- Born: Robert Wyndam Bucknell November 5, 1976 (age 49) London, U.K.
- Occupations: artist; writer; museum director;
- Years active: 1995–present

= Viktor Wynd =

British artist and gallery director

Viktor Wynd is a British artist, author, and curator, known for his collections of curiosities.

==Artwork==
Wynd established The Viktor Wynd Museum of Curiosities, Fine Art & Natural History in London's East End, a cabinet of curiosities featuring two-headed lambs, Fiji mermaids, unicorns, taxidermy, dodo bones, erotica, old master etchings, surrealist, occult and outsider art, and celebrity faeces. The museum was featured in a BBC Four documentary on cabinets of curiosity.

He previously ran a curiosity shop, Viktor Wynd's Little Shop of Horrors, dealing in taxidermy, shrunken heads and other oddities, including the erect mummified penis of a hanged man. In 2010 it was reported that Jonathan Ross's wife Jane Goldman had bought the skeleton of a two-headed baby from the shop.

He has curated around 50 exhibitions at his gallery, Viktor Wynd Fine Art, including exhibitions on Mervyn Peake, Tessa Farmer, Leonora Carrington, and Stephen Tennant.

In 2005, Wynd had an exhibition entitled "Structures of The Sublime: Towards a Greater Understanding of Chaos" at Ingalls & Associates in Miami, featuring drawings and video.

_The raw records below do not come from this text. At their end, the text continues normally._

Lemma has_card_triples (P : (Defs.coset -> Prop) -> Prop) (Pb : pred (seq nat)) :
  (forall l, index_triple l -> P (triple_of l) <-> Pb l) ->
  (forall l1 l2, l1 =i l2 -> Pb l1 = Pb l2) ->
  has_card (fun S => is_triple S /\ P S) (count Pb sorted_triples).
Proof.
move=> PP Pb_mem; case/and3P: sorted_triples_spec => uniq_st /allP st_ok _.
rewrite -size_filter; set L := filter Pb sorted_triples.
have L_ok l : l \in L -> [/\ Pb l, sorted ltn l & index_triple l].
  by rewrite mem_filter => /andP[Pl /st_ok /andP[]].
exists (fun i : 'I_(size L) => triple_of (nth [::] L i)); split.
  move=> i j e; apply/val_inj/eqP.
  rewrite -(nth_uniq [::] (ltn_ord i) (ltn_ord j) (filter_uniq Pb uniq_st)); apply/eqP.
  have [_ si /and3P[_ _ i12]] := L_ok _ (mem_nth [::] (ltn_ord i)).
  have [_ sj /and3P[_ _ j12]] := L_ok _ (mem_nth [::] (ltn_ord j)).
  apply: (irr_sorted_eq ltn_trans ltnn si sj) => p.
  by apply/idP/idP; apply: triple_of_subset.
move=> S; split.
  case=> /is_tripleP[l l_ok ->] /(PP l l_ok) Pl.
  have sort_L : sort leq l \in L.
    by rewrite mem_filter (Pb_mem _ _ (mem_sort leq l)) Pl sort_index_triple.
  exists (Ordinal (etrans (index_mem _ _) sort_L)); rewrite /= nth_index //.
  by apply: triple_of_eq_mem => p; rewrite mem_sort.
case=> i ->; have [Pl _ l_ok] := L_ok _ (mem_nth [::] (ltn_ord i)).
by split; [apply/is_tripleP; exists (nth [::] L i) | apply/PP].
Qed.

Local Close Scope ring_scope.

Lemma count_coherent_triples :
  count coherentb sorted_triples = 160 /\ count (predC coherentb) sorted_triples = 60.
Proof. by vm_compute. Qed.

Theorem proposition6p6 :
  (exists w0, central_nonid w0) /\
  forall w0, central_nonid w0 ->
    [/\ forall S, is_triple S -> coherent w0 S ->
          triple_orbit S = (fun S' => is_triple S' /\ coherent w0 S'),
        forall S, is_triple S -> ~ coherent w0 S ->
          triple_orbit S = (fun S' => is_triple S' /\ ~ coherent w0 S'),
        has_card (fun S => is_triple S /\ coherent w0 S) 160
      & has_card (fun S => is_triple S /\ ~ coherent w0 S) 60].
Proof.
split; first by exists w0; exact: central_nonid_w0.
move=> w cw; have [count_coh count_incoh] := count_coherent_triples; split.
- by move=> S tS cS; apply: predext => S'; rewrite (triple_orbitP _ cw tS); tauto.
- by move=> S tS cS; apply: predext => S'; rewrite (triple_orbitP _ cw tS); tauto.
- rewrite -count_coh; apply: has_card_triples coherentb_eq_mem => l.
  exact: coherentP.
- rewrite -count_incoh; apply: has_card_triples => [l l_ok|l1 l2 e] /=.
    by rewrite (coherentP cw l_ok); split=> /negP.
  by rewrite (coherentb_eq_mem e).
Qed.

In 2007 he had another exhibition in Miami entitled "The Sorrows of Young Wynd" (in reference to Johann Wolfgang von Goethe) based around a waxwork figure of himself hanging by a noose from the middle of the gallery, and many other images of him committing suicide.

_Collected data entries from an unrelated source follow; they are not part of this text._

(* Let $M\ge2$ be an integer and let $\varepsilon$ be a real number with $0<\varepsilon<1$. Let $\alpha=[0;a_1,a_2,\ldots]$ be a real number whose partial quotients $a_i$ are all at most $M$. For each positive integer $n$, let $\overline{A}_n$ denote the finite word $a_na_{n-1}\ldots a_1$. Let $(t_i)_{i\ge1}$ be any sequence with values in $\{M+1,M+2\}$ and let $(n_i)_{i\ge1}$ be any sequence of positive integers satisfying $$\liminf_{i\to+\infty}\frac{n_{i+1}}{n_i} > \frac{4\log(M+3)}{\varepsilon\log 2}.$$ Set $$\beta=[0;\overline{A}_{n_1},t_1,\overline{A}_{n_2},t_2,\overline{A}_{n_3},t_3,\ldots],$$ i.e. the continued fraction whose sequence of partial quotients is $a_{n_1},\ldots,a_1,t_1,a_{n_2},\ldots,a_1,t_2,a_{n_3},\ldots,a_1,t_3,\ldots$. Then $1,\alpha,\beta$ are linearly independent over $\mathbb{Q}$, and there exist infinitely many positive integers $q$ such that $$q\cdot\Vert q\alpha\Vert\cdot\Vert q\beta\Vert\le\frac{1}{q^{1-\varepsilon}}.$$ In particular, $\inf_{q\ge1} q\cdot\Vert q\alpha\Vert\cdot\Vert q\beta\Vert=0$.
   Context: For a real number $x$, $\Vert x\Vert$ denotes the distance from $x$ to the nearest integer. $[0;b_1,b_2,\ldots]$ denotes the simple continued fraction with partial quotients $b_1,b_2,\ldots$ (positive integers). *)

From Stdlib Require Import Reals Lra List QArith Qreals.
From Coquelicot Require Import Coquelicot.
Import ListNotations.
Open Scope R_scope.

Definition dist_int (x : R) : R := Rmin (frac_part x) (1 - frac_part x).

Fixpoint cf_fin (l : list nat) : R :=
  match l with
  | nil => 0
  | b :: l' => 1 / (INR b + cf_fin l')
  end.

Definition convergent (b : nat -> nat) (n : nat) : R :=
  cf_fin (map b (seq 1 n)).

Definition is_cf_value (b : nat -> nat) (x : R) : Prop :=
  Un_cv (convergent b) x.

Definition rev_word (a : nat -> nat) (m : nat) : list nat :=
  map a (rev (seq 1 m)).

Definition beta_block (a t ns : nat -> nat) (i : nat) : list nat :=
  rev_word a (ns i) ++ [t i].

(* k-th partial quotient (k >= 1) of
   [0; \overline{A}_{n_1}, t_1, \overline{A}_{n_2}, t_2, ...].
   Each block is nonempty, so the first k blocks contain at least k letters. *)
Definition beta_pq (a t ns : nat -> nat) (k : nat) : nat :=
  nth (k - 1) (concat (map (beta_block a t ns) (seq 1 k))) 0%nat.

(* Let [p_n / q_n] be the convergents of alpha, and cut beta just before [t_(j+1)].
   The last block reverses [a_1 ... a_n] ([n = n_(j+1)]), and continuant matrices of
   reversed words are transposed, so the convergent denominator of beta at the cut is
   [q = A q_n + B q_(n-1)], where [A >= (M + 1) B] are the continuants of the first [j]
   blocks (the last partial quotient [t_j] exceeds [M]).  Hence [||q beta|| <= 1/q],
   while [q alpha] is within [A / q_n] of the integer [A p_n + B p_(n-1)], and at least
   [c A / q_n] away from it for a fixed [c > 0], because the tails of alpha stay above
   [1 / (M + 1)].
   So [q ||q alpha|| ||q beta|| <= A / q_n] with [A <= (M + 3)^|blocks|] and
   [q_n >= (8/5)^(n-1)]; the lacunarity of [n_j] makes [A^2] negligible against [q_n^eps],
   which gives the bound.  For an integer relation [u0 + u1 alpha + u2 beta = 0], the
   integer [u1 (q alpha - X) + u2 (q beta - P)] is then [0] for large [j], and comparing
   [||q alpha|| >= c A / q_n] with [||q beta|| <= 1 / (A q_n)] forces [u1 = u2 = 0]. *)

From Stdlib Require Import Reals Lra Lia List QArith Qreals.
From Coquelicot Require Import Coquelicot.
Import ListNotations.
Open Scope R_scope.

(** * Continuant matrices *)

Record mat := Mat { m11 : nat; m12 : nat; m21 : nat; m22 : nat }.

Definition mat_mul (m n : mat) : mat :=
  Mat (m11 m * m11 n + m12 m * m21 n) (m11 m * m12 n + m12 m * m22 n)
      (m21 m * m11 n + m22 m * m21 n) (m21 m * m12 n + m22 m * m22 n).

Definition mat_id : mat := Mat 1 0 0 1.

Definition mat_tr (m : mat) : mat := Mat (m11 m) (m21 m) (m12 m) (m22 m).

Definition mat_det (m : mat) : R :=
  INR (m11 m) * INR (m22 m) - INR (m12 m) * INR (m21 m).

(* [cf_mat [b_1; ...; b_n] = [[q_n, q_(n-1)], [p_n, p_(n-1)]]], where
   [p_k / q_k] are the convergents of [[0; b_1, ..., b_n]]. *)
Fixpoint cf_mat (l : list nat) : mat :=
  match l with
  | nil => mat_id
  | x :: l' => mat_mul (Mat x 1 1 0) (cf_mat l')
  end.

Lemma mat_mulA m n p : mat_mul m (mat_mul n p) = mat_mul (mat_mul m n) p.
Proof. destruct m, n, p; unfold mat_mul; simpl; f_equal; ring. Qed.

Lemma mat_mul1l m : mat_mul mat_id m = m.
Proof. destruct m; unfold mat_mul; simpl; f_equal; ring. Qed.

Lemma mat_mul1r m : mat_mul m mat_id = m.
Proof. destruct m; unfold mat_mul; simpl; f_equal; ring. Qed.

Lemma mat_tr_mul m n : mat_tr (mat_mul m n) = mat_mul (mat_tr n) (mat_tr m).
Proof. destruct m, n; unfold mat_mul, mat_tr; simpl; f_equal; ring. Qed.

Lemma cf_mat_app l r : cf_mat (l ++ r) = mat_mul (cf_mat l) (cf_mat r).
Proof.
  induction l as [|x l IH]; simpl.
  - now rewrite mat_mul1l.
  - now rewrite IH, mat_mulA.
Qed.

Lemma cf_mat_rev l : cf_mat (rev l) = mat_tr (cf_mat l).
Proof.
  induction l as [|x l IH]; [reflexivity|].
  simpl. rewrite cf_mat_app, IH, mat_tr_mul; simpl.
  rewrite mat_mul1r. reflexivity.
Qed.

Lemma cf_mat_snoc l x :
  cf_mat (l ++ [x]) = let m := cf_mat l in
    Mat (m11 m * x + m12 m) (m11 m) (m21 m * x + m22 m) (m21 m).
Proof.
  rewrite cf_mat_app. simpl. destruct (cf_mat l); unfold mat_mul; simpl; f_equal; ring.
Qed.

Lemma cf_mat_det l : mat_det (cf_mat l) = (-1) ^ length l.
Proof.
  induction l as [|x l IH]; unfold mat_det in *; simpl; [lra|].
  destruct (cf_mat l) as [a b c d]; simpl in *.
  rewrite !plus_INR, !mult_INR, <- IH; simpl. ring.
Qed.

Lemma Rabs_cf_mat_det l : Rabs (mat_det (cf_mat l)) = 1.
Proof. now rewrite cf_mat_det, <- RPow_abs, Rabs_m1, pow1. Qed.

Definition positive_word (l : list nat) : Prop := List.Forall (fun x => (1 <= x)%nat) l.

Definition word_between (lo hi : nat) (l : list nat) : Prop :=
  List.Forall (fun x => (lo <= x <= hi)%nat) l.

Lemma cf_mat_m11_pos l : positive_word l -> (1 <= m11 (cf_mat l))%nat.
Proof.
  induction 1 as [|x l Hx _ IH]; simpl; [lia|].
  destruct (cf_mat l); simpl in *; nia.
Qed.

Lemma cf_mat_ordered l : positive_word l -> l <> nil ->
  let m := cf_mat l in (m12 m <= m11 m /\ m22 m <= m21 m)%nat.
Proof.
  induction 1 as [|x l Hx Hl IH]; intros Hne; [congruence|].
  destruct l as [|y l']; simpl in *; [lia|].
  specialize (IH ltac:(discriminate)). destruct (cf_mat (y :: l')); simpl in *; nia.
Qed.

Lemma cf_mat_col1_bound K l : word_between 1 K l ->
  INR (m11 (cf_mat l)) <= (INR K + 1) ^ length l /\
  INR (m21 (cf_mat l)) <= (INR K + 1) ^ length l.
Proof.
  induction 1 as [|x l Hx Hl IH]; simpl; [lra|].
  destruct (cf_mat l) as [a b c d]; simpl in *.
  assert (HxK : INR x <= INR K) by (apply le_INR; lia).
  pose proof (pos_INR a); pose proof (pos_INR c); pose proof (pos_INR x).
  set (P := (INR K + 1) ^ length l) in *.
  rewrite !plus_INR, !mult_INR; simpl INR.
  assert (0 <= P) by (apply pow_le; pose proof (pos_INR K); lra).
  assert (INR x * INR a <= INR K * P) by (apply Rmult_le_compat; lra).
  split; nra.
Qed.

(* [8/5] is below the golden ratio, so [q_(n+1) >= q_n + q_(n-1)] propagates the bound. *)
Lemma cf_mat_m11_growth l : positive_word l -> (8 / 5) ^ length l <= 8 / 5 * INR (m11 (cf_mat l)).
Proof.
  enough (H : positive_word l -> (8 / 5) ^ length l <= 8 / 5 * INR (m11 (cf_mat l)) /\
    (l <> nil -> (8 / 5) ^ length l <= (8 / 5) ^ 2 * INR (m12 (cf_mat l)))) by (intro; now apply H).
  induction l as [|x l IH] using rev_ind; intros Hl; simpl; [split; [lra|congruence]|].
  apply Forall_app in Hl as [Hl Hx]. inversion Hx as [|? ? Hx1]; subst.
  destruct (IH Hl) as [IH1 IH2].
  rewrite cf_mat_snoc, length_app; simpl. rewrite Nat.add_1_r; simpl pow.
  pose proof (cf_mat_m11_pos l Hl) as H11.
  destruct (cf_mat l) as [a b c d]; simpl in *.
  apply le_INR in Hx1, H11. simpl in Hx1, H11.
  rewrite plus_INR, mult_INR.
  pose proof (pos_INR a); pose proof (pos_INR b).
  assert (Hxa : INR a <= INR a * INR x) by nra.
  split; intros; [|nra].
  destruct l as [|y l]; simpl in *.
  - nra.
  - specialize (IH2 ltac:(discriminate)). nra.
Qed.

Lemma word_between_positive lo hi l : (1 <= lo)%nat -> word_between lo hi l -> positive_word l.
Proof. intros Hlo H. eapply Forall_impl; [|exact H]. simpl. lia. Qed.

(** * Finite continued fractions and their tails *)

Fixpoint cf_tail (l : list nat) (z : R) : R :=
  match l with
  | nil => z
  | x :: l' => 1 / (INR x + cf_tail l' z)
  end.

Lemma cf_fin_app l r : cf_fin (l ++ r) = cf_tail l (cf_fin r).
Proof. induction l as [|x l IH]; simpl; [reflexivity|]. now rewrite IH. Qed.

Definition mobius (m : mat) (z : R) : R :=
  (INR (m21 m) + INR (m22 m) * z) / (INR (m11 m) + INR (m12 m) * z).

Lemma mobius_den_pos m z : (1 <= m11 m)%nat -> 0 <= z -> 0 < INR (m11 m) + INR (m12 m) * z.
Proof.
  intros Hm Hz. apply le_INR in Hm. pose proof (pos_INR (m12 m)). simpl in Hm. nra.
Qed.

Lemma cf_tail_mobius l z : positive_word l -> 0 <= z -> cf_tail l z = mobius (cf_mat l) z.
Proof.
  intros Hl Hz. induction Hl as [|x l Hx Hl IH]; unfold mobius in *; simpl.
  - field.
  - rewrite IH. pose proof (mobius_den_pos _ _ (cf_mat_m11_pos l Hl) Hz).
    destruct (cf_mat l) as [a b c d]; simpl in *.
    apply le_INR in Hx. simpl in Hx.
    pose proof (pos_INR c); pose proof (pos_INR d).
    assert (0 <= (INR c + INR d * z) / (INR a + INR b * z)) by (apply Rdiv_le_0_compat; nra).
    rewrite !plus_INR, !mult_INR; simpl INR. field. split; [|lra].
    replace (INR x * INR a + INR c + (INR x * INR b + INR d) * z)
      with ((INR a + INR b * z) * (INR x + (INR c + INR d * z) / (INR a + INR b * z)))
      by (field; lra).
    apply Rgt_not_eq, Rmult_lt_0_compat; lra.
Qed.

Lemma cf_fin_unit l : positive_word l -> 0 <= cf_fin l <= 1.
Proof.
  induction 1 as [|x l Hx _ IH]; simpl; [lra|].
  apply le_INR in Hx. simpl in Hx. split.
  - apply Rlt_le, Rdiv_lt_0_compat; lra.
  - unfold Rdiv. rewrite Rmult_1_l, <- Rinv_1. apply Rinv_le_contravar; lra.
Qed.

He founded The Last Tuesday Society with David Piper in 2003, which became known in London for its halloween parties and masked balls, often with literary themes. He also organised Wyndstock, a festival held at Houghton Hall in Norfolk, and runs a long-running literary salon in London.

==Other work==
Wynd is the author of four books. His first, Structures of The Sublime: Towards a Greater Understanding of Chaos, a fragmentary modernist anti-novel, was published in Miami in 2005. He went on to publish Viktor Wynd's Cabinet of Wonders with Prestel/Random House in 2014. His third book, The Unnatural History Museum, was released by Prestel/Penguin Random House in 2020, followed most recently by Dark Fairy Tales: Stories from Around the World (That Are Definitely Not Suitable for Children) in 2025.

Wynd wrote an essay about his friend Sebastian Horsley for Yale University Press's book Artist/Rebel/Dandy: Men of Fashion, compiled by Kate Irvin and Laurie Anne Brewer.

He has made several TV appearances, including the National Geographic documentary series Taboo. He has also lectured about cabinets of curiosities, his book and his museum at The Lost Lectures, the British Library, Manchester University, 5x15, and the Barbican.

He is a committee member of the London Institute of 'Pataphysics.